Your Gamma function is inaccurate. 2.5! is 3.323350970. Try it

$$\small{\text{$ 2.5! = \Gamma{(2.5+1)} $ }}$$

$$\small{ \text{ Formula } \boxed{ \begin{array}{lcl} \Gamma{(x+1)} = x\cdot\Gamma{(x)} \\ \Gamma{(\frac12)} = \sqrt{\pi} \end{array} } }$$

$$\small{ \begin{array}{lcl} 2.5!&=& \Gamma{(2.5+1)}\\ &=& 2.5\cdot\Gamma{(2.5)}\\ &=& 2.5\cdot \Gamma{(1.5+1)}\\ &=& 2.5\cdot 1.5\cdot \Gamma{(1.5)}\\ &=& 2.5\cdot 1.5\cdot \Gamma{(\frac12+1)}\\\\ &=& 2.5\cdot 1.5\cdot \frac12 \cdot \Gamma{(\frac12)}\\\\ &=& 2.5\cdot 1.5\cdot \frac12 \cdot \sqrt{\pi}\\\\ &=& 1.875 \cdot \sqrt{\pi} \\ &\approx& 1.875 \cdot 1.77245385091 \\ \mathbf{2.5!} &\mathbf{\approx}& \mathbf{3.32335097045} \end{array} }$$

Thanks for letting us know,

Yes Wolfram|Alpha agrees with your figure of 3.32335...  (maybe that is where you got?)

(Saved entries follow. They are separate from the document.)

Lemma flux_const_nonneg mp B Bn K : 0 <= flux_const mp B Bn K.
Proof. unfold flux_const. pose proof (Rle_0_sqr (flux_gain mp B Bn K)). unfold Rsqr in *. lra. Qed.

Lemma sqrt_scal_sum_sqr_le k x y :
  0 <= k -> 0 <= x -> 0 <= y -> sqrt (k * (x * x + y * y)) <= sqrt k * (x + y).
Proof.
  intros Hk Hx Hy. rewrite <- (sqrt_square (x + y)) by lra. rewrite <- sqrt_mult_alt by exact Hk.
  apply sqrt_le_1_alt. apply Rmult_le_compat_l; nra.
Qed.

Lemma nL2_sqr N h u : nL2 N h u * nL2 N h u = inner N h u u.
Proof. apply sqrt_sqrt, inner_sqr_nonneg. Qed.

Lemma nH1_sqr N h u :
  nH1 N h u * nH1 N h u = inner N h u u + inner N h (Dx N h u) (Dx N h u) + inner N h (Dy N h u) (Dy N h u).
Proof.
  apply sqrt_sqrt. pose proof (inner_sqr_nonneg N h u).
  pose proof (inner_sqr_nonneg N h (Dx N h u)); pose proof (inner_sqr_nonneg N h (Dy N h u)). lra.
Qed.

Lemma flux_diff_energy_le N h mp B Bn Kn K0 p0 pe pn phie phin :
  (1 <= N)%nat -> 0 < mp ->
  on_grid N (fun i j => mp <= p0 i j) ->
  on_grid N (fun i j => 0 <= pe i j) -> on_grid N (fun i j => 0 <= pn i j) ->
  nLinf N phie <= B -> nLinf N phin <= Bn -> ngradLinf N h pn <= Kn -> ngradLinf N h p0 <= K0 ->
  let Gx := flux_diff_x N h p0 phie pe phin pn in
  let Gy := flux_diff_y N h p0 phie pe phin pn in
  let eph := gsub phie phin in
  let ep := gsub pe pn in
  inner N h Gx Gx + inner N h Gy Gy
  <= 4 * flux_const mp B Bn (Kn + K0) * (nL2 N h eph * nL2 N h eph + nH1 N h ep * nH1 N h ep).
Proof.
  intros HN Hmp Hp0 Hpe Hpn Hphie Hphin Hpn' Hp0' Gx Gy eph ep.
  set (c := flux_const mp B Bn (Kn + K0)).
  assert (Hphie_pt := on_grid_le_trans N _ _ _ (Rabs_le_nLinf N phie) Hphie).
  assert (Hphin_pt := on_grid_le_trans N _ _ _ (Rabs_le_nLinf N phin) Hphin).
  assert (HDxpn := on_grid_le_trans N _ _ _ (Rabs_Dx_le_ngradLinf N h pn) Hpn').
  assert (HDypn := on_grid_le_trans N _ _ _ (Rabs_Dy_le_ngradLinf N h pn) Hpn').
  assert (HDxp0 := on_grid_le_trans N _ _ _ (Rabs_Dx_le_ngradLinf N h p0) Hp0').
  assert (HDyp0 := on_grid_le_trans N _ _ _ (Rabs_Dy_le_ngradLinf N h p0) Hp0').
  assert (Hx : gsum N (fun i j => Gx i j * Gx i j)
               <= c * (2 * gsum N (fun i j => eph i j * eph i j) + 2 * gsum N (fun i j => ep i j * ep i j)
                       + gsum N (fun i j => Dx N h ep i j * Dx N h ep i j)))
    by exact (gsum_fluxx_diff_sqr_le N h mp B Bn Kn K0 p0 pe pn phie phin HN Hmp Hp0 Hpe Hpn
                Hphie_pt Hphin_pt HDxpn HDxp0).
  (* the y-direction is the x-direction for the transposed grid functions *)
  assert (Hy : gsum N (fun i j => Gy i j * Gy i j)
               <= c * (2 * gsum N (fun i j => eph i j * eph i j) + 2 * gsum N (fun i j => ep i j * ep i j)
                       + gsum N (fun i j => Dy N h ep i j * Dy N h ep i j))).
  { rewrite <- (gsum_gtr N (fun i j => Gy i j * Gy i j)), <- (gsum_gtr N (fun i j => eph i j * eph i j)),
      <- (gsum_gtr N (fun i j => ep i j * ep i j)), <- (gsum_gtr N (fun i j => Dy N h ep i j * Dy N h ep i j)).
    exact (gsum_fluxx_diff_sqr_le N h mp B Bn Kn K0 (gtr p0) (gtr pe) (gtr pn) (gtr phie) (gtr phin) HN Hmp
             (on_grid_gtr _ _ Hp0) (on_grid_gtr _ _ Hpe) (on_grid_gtr _ _ Hpn)
             (on_grid_gtr _ _ Hphie_pt) (on_grid_gtr _ _ Hphin_pt)
             (on_grid_gtr _ _ HDypn) (on_grid_gtr _ _ HDyp0)). }
  rewrite nL2_sqr, nH1_sqr, !inner_gsum.
  assert (Hhc : 0 <= h ^ 2 * c) by (apply Rmult_le_pos; [apply pow2_ge_0|apply flux_const_nonneg]).
  pose proof (gsum_sqr_nonneg N (Dx N h ep)); pose proof (gsum_sqr_nonneg N (Dy N h ep)).
  apply Rle_trans with (h ^ 2 * (c * (4 * gsum N (fun i j => eph i j * eph i j)
    + 4 * gsum N (fun i j => ep i j * ep i j) + gsum N (fun i j => Dx N h ep i j * Dx N h ep i j)
    + gsum N (fun i j => Dy N h ep i j * Dy N h ep i j)))).
  - rewrite <- Rmult_plus_distr_l. apply Rmult_le_compat_l; [apply pow2_ge_0|lra].
  - nra.
Qed.

Lemma inner_T1_le N h mp B Bn Kn K0 p0 pe pn phie phin f :
  (1 <= N)%nat -> 0 < mp ->
  on_grid N (fun i j => mp <= p0 i j) ->
  on_grid N (fun i j => 0 <= pe i j) -> on_grid N (fun i j => 0 <= pn i j) ->
  nLinf N phie <= B -> nLinf N phin <= Bn -> ngradLinf N h pn <= Kn -> ngradLinf N h p0 <= K0 ->
  Rabs (inner N h (T1 N h p0 phie pe phin pn) f)
  <= sqrt (4 * flux_const mp B Bn (Kn + K0))
     * (nL2 N h (gsub phie phin) + nH1 N h (gsub pe pn)) * ngradL2 N h f.
Proof.
  intros HN Hmp Hp0 Hpe Hpn Hphie Hphin Hpn' Hp0'.
  eapply Rle_trans; [apply (inner_divh_le N h (flux_diff_x N h p0 phie pe phin pn)
                                          (flux_diff_y N h p0 phie pe phin pn) f HN)|].
  apply Rmult_le_compat_r; [apply sqrt_pos|].
  eapply Rle_trans; [apply sqrt_le_1_alt, flux_diff_energy_le; eassumption|].
  apply sqrt_scal_sum_sqr_le.
  - pose proof (flux_const_nonneg mp B Bn (Kn + K0)). lra.
  - apply sqrt_pos.
  - apply sqrt_pos.
Qed.
(* Consider the exponential-push content-access game described in the context, with $\lambda_{ps}(G)>\lambda_{ps}(B)>0$, $\pi_B=1-\pi_G>0$, and a common threshold $0\le\alpha<N$ of the other users. Let $\beta_1^*(\alpha)$ denote a maximizer of $U(\alpha,\beta)$ over $\beta\in[0,\alpha]$. Then: (i) if $\frac{\pi_G}{\pi_B} < \frac{\lambda_{ps}(G)}{\lambda_{ps}(B)}$, then $\beta^*_1(\alpha)=\alpha$; (ii) if $\frac{\pi_G}{\pi_B} > \frac{\lambda_{ps}(G)}{\lambda_{ps}(B)}$, then $\beta^*_1(\alpha)=0$; (iii) if $\frac{\pi_G}{\pi_B} = \frac{\lambda_{ps}(G)}{\lambda_{ps}(B)}$, then every $\beta\in[0,\alpha]$ is optimal.
   Context: A content has a type $\theta\in\{G,B\}$ (good/bad) and lifetime $\tau>0$; users believe it is good with probability $\pi_G$ and bad with probability $\pi_B=1-\pi_G$. Users use threshold strategies on the viewcount: all users other than a tagged user access the content once the viewcount reaches $\alpha$; the tagged user uses threshold $\beta$. Exponential push dynamics with $N>0$ potential push users: for type $\theta$ with push rate $\lambda_{ps}(\theta)>0$ and pull rate $\lambda_{pu}>0$, let $t_\alpha(\theta)=-\frac{1}{\lambda_{ps}(\theta)}\log(1-\alpha/N)$, and the viewcount is $X(t,\theta)=N(1-e^{-\lambda_{ps}(\theta)t})$ for $0\le t\le t_\alpha(\theta)$ and $X(t,\theta)=N(1-e^{-\lambda_{ps}(\theta)t})+\lambda_{pu}(t-t_\alpha(\theta))$ for $t\ge t_\alpha(\theta)$. For $\beta\ge0$, $t_\beta(\theta)=\min\{t\ge0: X(t,\theta)=\beta\}$. The tagged user's utility is $U(\alpha,\beta)=\pi_G(\tau-t_\beta(G))-\pi_B(\tau-t_\beta(B))$. *)

From Stdlib Require Import Reals.
From Coquelicot Require Import Coquelicot.
Open Scope R_scope.

Definition t_alpha (N lps alpha : R) : R := - / lps * ln (1 - alpha / N).

Definition viewcount (N lps lpu alpha t : R) : R :=
  if Rle_dec t (t_alpha N lps alpha) then N * (1 - exp (- lps * t))
  else N * (1 - exp (- lps * t)) + lpu * (t - t_alpha N lps alpha).

(* t_beta(theta) = min { t >= 0 : X(t, theta) = beta }, rendered as the
   infimum of that set (which equals the minimum whenever it exists). *)
Definition t_beta (N lps lpu alpha beta : R) : R :=
  real (Glb_Rbar (fun t => 0 <= t /\ viewcount N lps lpu alpha t = beta)).

Definition utility (tau piG N lG lB lpu alpha beta : R) : R :=
  piG * (tau - t_beta N lG lpu alpha beta)
  - (1 - piG) * (tau - t_beta N lB lpu alpha beta).

Definition is_maximizer (f : R -> R) (alpha beta : R) : Prop :=
  0 <= beta <= alpha /\ forall b, 0 <= b <= alpha -> f b <= f beta.

(** Up to the threshold [alpha], only the push phase matters, and reaching a
    viewcount [b] takes time [- ln (1 - b/N) / lambda].  Hence on [[0, alpha]]
    the utility is an affine function of the strictly increasing quantity
    [- ln (1 - b/N)], with slope [pi_B / lambda_B - pi_G / lambda_G]; the sign
    of that slope, i.e. the comparison of [pi_G / pi_B] with
    [lambda_G / lambda_B], decides whether the utility increases, decreases or
    is constant in [beta]. *)

From Stdlib Require Import Reals Lra.
From Coquelicot Require Import Coquelicot.
Open Scope R_scope.

Lemma Glb_Rbar_singleton (P : R -> Prop) (t0 : R) :
  (forall t, P t <-> t = t0) -> real (Glb_Rbar P) = t0.
Proof.
  intro HP. rewrite (is_glb_Rbar_unique _ (Finite t0)); [reflexivity|]. split.
  - intros x Hx. apply HP in Hx. subst. simpl. lra.
  - intros m Hm. apply Hm, HP. reflexivity.
Qed.

Definition unit_rate_time (N b : R) : R := - ln (1 - b / N).

Section UnitRateTime.

Variable N : R.
Hypothesis HN : 0 < N.

Lemma one_sub_div_pos (b : R) : b < N -> 0 < 1 - b / N.
Proof.
  intro Hb. assert (b / N < 1) by (apply Rmult_lt_reg_r with N; [lra|]; field_simplify; lra).
  lra.
Qed.

Lemma unit_rate_time_0 : unit_rate_time N 0 = 0.
Proof. unfold unit_rate_time. rewrite Rdiv_0_l, Rminus_0_r, ln_1. ring. Qed.

Lemma unit_rate_time_lt (b1 b2 : R) :
  b1 < b2 -> b2 < N -> unit_rate_time N b1 < unit_rate_time N b2.
Proof.
  intros H12 H2. unfold unit_rate_time.
  assert (b1 / N < b2 / N) by (apply Rmult_lt_compat_r; [apply Rinv_0_lt_compat|]; lra).
  assert (0 < 1 - b2 / N) by (apply one_sub_div_pos; lra).
  assert (ln (1 - b2 / N) < ln (1 - b1 / N)) by (apply ln_increasing; lra).
  lra.
Qed.

Lemma unit_rate_time_le (b1 b2 : R) :
  b1 <= b2 -> b2 < N -> unit_rate_time N b1 <= unit_rate_time N b2.
Proof.
  intros H12 H2. destruct (Req_dec b1 b2) as [->|Hne]; [lra|].
  left; apply unit_rate_time_lt; lra.
Qed.

Lemma exp_opp_unit_rate_time (b : R) : b < N -> exp (- unit_rate_time N b) = 1 - b / N.
Proof.
  intro Hb. unfold unit_rate_time. rewrite Ropp_involutive.
  apply exp_ln, one_sub_div_pos; exact Hb.
Qed.

End UnitRateTime.

Section PushPhase.

Variables N l lpu alpha : R.
Hypotheses (HN : 0 < N) (Hl : 0 < l) (Hlpu : 0 < lpu)
  (Ha0 : 0 <= alpha) (HaN : alpha < N).

Lemma t_alpha_unit_rate : t_alpha N l alpha = unit_rate_time N alpha / l.
Proof. unfold t_alpha, unit_rate_time. field. lra. Qed.

Lemma viewcount_at_unit_rate_time (b : R) :
  b < N -> N * (1 - exp (- l * (unit_rate_time N b / l))) = b.
Proof.
  intro Hb. replace (- l * (unit_rate_time N b / l)) with (- unit_rate_time N b)
    by (field; lra).
  rewrite exp_opp_unit_rate_time by lra. field. lra.
Qed.

(* The push phase alone brings the viewcount to [alpha] at [t_alpha]; the pull
   phase only adds views afterwards. *)
Lemma viewcount_gt_after_t_alpha (t : R) :
  t_alpha N l alpha < t -> alpha < viewcount N l lpu alpha t.
Proof.
  intro Ht. unfold viewcount.
  destruct (Rle_dec t (t_alpha N l alpha)) as [C|_]; [lra|].
  assert (Hexp : exp (- l * t) < exp (- l * t_alpha N l alpha))
    by (apply exp_increasing; nra).
  assert (Hreach : N * (1 - exp (- l * t_alpha N l alpha)) = alpha)
    by (rewrite t_alpha_unit_rate; apply viewcount_at_unit_rate_time; lra).
  nra.
Qed.

Lemma viewcount_eq_iff (b t : R) : 0 <= b <= alpha ->
  (0 <= t /\ viewcount N l lpu alpha t = b) <-> t = unit_rate_time N b / l.
Proof.
  intros Hb.
  assert (Hmono : unit_rate_time N b / l <= t_alpha N l alpha).
  { rewrite t_alpha_unit_rate. apply Rmult_le_compat_r;
      [left; apply Rinv_0_lt_compat; lra | apply unit_rate_time_le; lra]. }
  split.
  - intros [Ht Hv].
    destruct (Rle_dec t (t_alpha N l alpha)) as [Hle|Hgt].
    + unfold viewcount in Hv. destruct (Rle_dec _ _) as [_|]; [|contradiction].
      assert (He : exp (- l * t) = exp (- unit_rate_time N b)).
      { rewrite exp_opp_unit_rate_time, <- Hv by lra. field. lra. }
      apply exp_inv in He.
      replace t with (- (- l * t) / l) by (field; lra).
      rewrite He. field. lra.
    + apply Rnot_le_lt, viewcount_gt_after_t_alpha in Hgt. lra.
  - intros ->. split.
    + apply Rmult_le_pos; [|left; apply Rinv_0_lt_compat; lra].
      rewrite <- (unit_rate_time_0 N). apply unit_rate_time_le; lra.
    + unfold viewcount. destruct (Rle_dec _ _) as [_|]; [|contradiction].
      apply viewcount_at_unit_rate_time. lra.
Qed.

Lemma t_beta_push_phase (b : R) :
  0 <= b <= alpha -> t_beta N l lpu alpha b = unit_rate_time N b / l.
Proof.
  intro Hb. apply Glb_Rbar_singleton. intro t. apply viewcount_eq_iff, Hb.
Qed.

End PushPhase.

Section Maximizers.

Variables (f : R -> R) (alpha : R).
Hypothesis Ha0 : 0 <= alpha.

Lemma is_maximizer_increasing :
  (forall b1 b2, 0 <= b1 -> b1 < b2 -> b2 <= alpha -> f b1 < f b2) ->
  forall beta, is_maximizer f alpha beta <-> beta = alpha.
Proof.
  intros Hinc beta. split.
  - intros [Hb Hmax]. destruct (Req_dec beta alpha) as [|Hne]; [assumption|].
    specialize (Hmax alpha ltac:(lra)). specialize (Hinc beta alpha). lra.
  - intros ->. split; [lra|]. intros b Hb.
    destruct (Req_dec b alpha) as [->|]; [lra|]. left; apply Hinc; lra.
Qed.

Lemma is_maximizer_decreasing :
  (forall b1 b2, 0 <= b1 -> b1 < b2 -> b2 <= alpha -> f b2 < f b1) ->
  forall beta, is_maximizer f alpha beta <-> beta = 0.
Proof.
  intros Hdec beta. split.
  - intros [Hb Hmax]. destruct (Req_dec beta 0) as [|Hne]; [assumption|].
    specialize (Hmax 0 ltac:(lra)). specialize (Hdec 0 beta). lra.
  - intros ->. split; [lra|]. intros b Hb.
    destruct (Req_dec b 0) as [->|]; [lra|]. left; apply Hdec; lra.
Qed.

Lemma is_maximizer_const (k : R) :
  (forall b, 0 <= b <= alpha -> f b = k) ->
  forall beta, 0 <= beta <= alpha -> is_maximizer f alpha beta.
Proof.
  intros Hk beta Hb. split; [exact Hb|]. intros b Hb'. rewrite !Hk by assumption. lra.
Qed.

End Maximizers.

Lemma utility_push_phase (tau piG N lG lB lpu alpha b : R) :
  0 < N -> 0 < lpu -> 0 < lB -> 0 < lG -> alpha < N -> 0 <= b <= alpha ->
  utility tau piG N lG lB lpu alpha b
  = tau * (2 * piG - 1) + ((1 - piG) / lB - piG / lG) * unit_rate_time N b.
Proof.
  intros HN Hlpu HlB HlG HaN Hb. unfold utility.
  rewrite !(t_beta_push_phase N _ lpu alpha) by lra. field. lra.
Qed.

Lemma slope_ratio_gap (piG lG lB : R) :
  0 < lB -> 0 < lG -> 0 < 1 - piG ->
  (1 - piG) / lB - piG / lG = - ((1 - piG) / lG) * (piG / (1 - piG) - lG / lB).
Proof. intros. field. lra. Qed.

Theorem lemma2 (tau piG N lG lB lpu alpha : R)
  (Htau : 0 < tau) (HN : 0 < N) (Hlpu : 0 < lpu)
  (HlB : 0 < lB) (HlGB : lB < lG)
  (HpiG : 0 <= piG) (HpiB : 0 < 1 - piG)
  (Ha0 : 0 <= alpha) (HaN : alpha < N) :
  let U := utility tau piG N lG lB lpu alpha in
  (piG / (1 - piG) < lG / lB ->
     forall beta, is_maximizer U alpha beta <-> beta = alpha) /\
  (piG / (1 - piG) > lG / lB ->
     forall beta, is_maximizer U alpha beta <-> beta = 0) /\
  (piG / (1 - piG) = lG / lB ->
     forall beta, 0 <= beta <= alpha -> is_maximizer U alpha beta).
Proof.
  intro U.
  set (c := (1 - piG) / lB - piG / lG).
  assert (HU : forall b, 0 <= b <= alpha ->
    U b = tau * (2 * piG - 1) + c * unit_rate_time N b)
    by (intros; apply utility_push_phase; lra).
  assert (Hc : c = - ((1 - piG) / lG) * (piG / (1 - piG) - lG / lB))
    by (apply slope_ratio_gap; lra).
  assert (Hw : 0 < (1 - piG) / lG) by (apply Rdiv_lt_0_compat; lra).
  assert (Hmono : forall b1 b2, 0 <= b1 -> b1 < b2 -> b2 <= alpha ->
    unit_rate_time N b1 < unit_rate_time N b2)
    by (intros; apply unit_rate_time_lt; lra).
  split; [|split].
  - intros Hlt. assert (Hc_pos : 0 < c) by (rewrite Hc; nra).
    apply is_maximizer_increasing; [lra|]. intros b1 b2 ? ? ?.
    rewrite !HU by lra. specialize (Hmono b1 b2). nra.
  - intros Hgt. assert (Hc_neg : c < 0) by (rewrite Hc; nra).
    apply is_maximizer_decreasing; [lra|]. intros b1 b2 ? ? ?.
    rewrite !HU by lra. specialize (Hmono b1 b2). nra.
  - intros Heq. apply (is_maximizer_const _ _ (tau * (2 * piG - 1))).
    intros b Hb. rewrite HU, Hc, Heq by lra. ring.
Qed.
(* Let $\mu$ be a monotone system over $\{0,1\}^V$ and $\theta\in(0,1)$. Then $P_{\mathrm{cl}}$, $P_{\mathrm{s\text{-}GD}}$ and $P_{\pi\text{-GD}}$ all belong to $\mathcal{MC}_\pi$, i.e. each is reversible with respect to $\pi$ and stochastically monotone.
   Context: Monotone system: for every $v$ and all feasible (positive probability) $\sigma\preceq\tau$ in $\{0,1\}^{V\setminus\{v\}}$ (coordinatewise), $\mu^\sigma_v(1)\le\mu^\tau_v(1)$. Tilted $(\theta*\mu)(\sigma)\propto\mu(\sigma)\theta^{\|\sigma\|_1}$. $\mathsf{lift}$: random map $\{0,1\}^V\to\{0,1,\star\}^V$, independently per coordinate $0\mapsto0$, $1\mapsto\star$ w.p. $1-\theta$, $1\mapsto1$ w.p. $\theta$. $\mathsf{contr}$: $0\mapsto0$, $1,\star\mapsto1$. $\pi$: law of $\mathsf{lift}(X)$, $X\sim\mu$, support $\Omega(\pi)$. $P_{\pi\text{-GD}}$: pick $v$ uniformly, resample $X_v$ from $\pi$ conditioned on $X_{V\setminus\{v\}}$. $P_{\mathrm{cl}}$: $X\mapsto\mathsf{lift}(\mathsf{contr}(X))$. $P_{\mathrm{s\text{-}GD}}$: pick $v$ uniformly; if $X_v=\star$ keep it; otherwise resample $X_v\in\{0,1\}$ from $(\theta*\mu)_v^{\sigma_{V\setminus\{v\}}}$ where $\sigma=\mathsf{contr}(X)$. Order $0<1<\star$, coordinatewise partial order on $\{0,1,\star\}^V$. A function $f:\Omega(\pi)\to\mathbb R_{\ge0}$ is increasing if $X\preceq Y\Rightarrow f(X)\le f(Y)$. A chain $P$ is stochastically monotone if $Pf$ is increasing for every increasing $f$. $P$ is reversible w.r.t. $\pi$ if $\pi(\sigma)P(\sigma,\tau)=\pi(\tau)P(\tau,\sigma)$ for all $\sigma,\tau$. *)

From HB Require Import structures.
From mathcomp Require Import all_boot all_order all_algebra.
Set Implicit Arguments. Unset Strict Implicit. Unset Printing Implicit Defensive.
Import Order.TTheory GRing.Theory Num.Theory.
Local Open Scope ring_scope.

Section Defs.
Variables (R : realFieldType) (V : finType).

(* {0,1}^V : false = 0, true = 1 *)
Definition cfg2 := {ffun V -> bool}.
(* {0,1,star}^V encoded by 'I_3 : 0 = 0, 1 = 1, 2 = star (nat order = 0<1<star) *)
Definition cfg3 := {ffun V -> 'I_3}.
Definition sZero : 'I_3 := @Ordinal 3 0 isT.
Definition sOne  : 'I_3 := @Ordinal 3 1 isT.
Definition sStar : 'I_3 := @Ordinal 3 2 isT.

Definition upd2 (x : cfg2) (v : V) (b : bool) : cfg2 :=
  [ffun u => if u == v then b else x u].
Definition upd3 (x : cfg3) (v : V) (s : 'I_3) : cfg3 :=
  [ffun u => if u == v then s else x u].

Definition is_distr (mu : cfg2 -> R) :=
  (forall x, 0 <= mu x) /\ \sum_(x : cfg2) mu x = 1.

http://www.wolframalpha.com/input/?i=2.5%21

web2.0 calc

$${\mathtt{2.5}}{!} = {\mathtt{3.320\: \!382\: \!507\: \!505\: \!424}}$$

I don't know where else to look it up.

It is most likely a rounding error.

I will leave a note for admin.    

Thanks Heureka :)

 It's usually calculated using an Integral of (x^(n-1).e^-x) for all x from 0 to infinity. 1/2 is a special case. The Integral works for any number, i.e. 2.5, 3.123, 11.534....etc.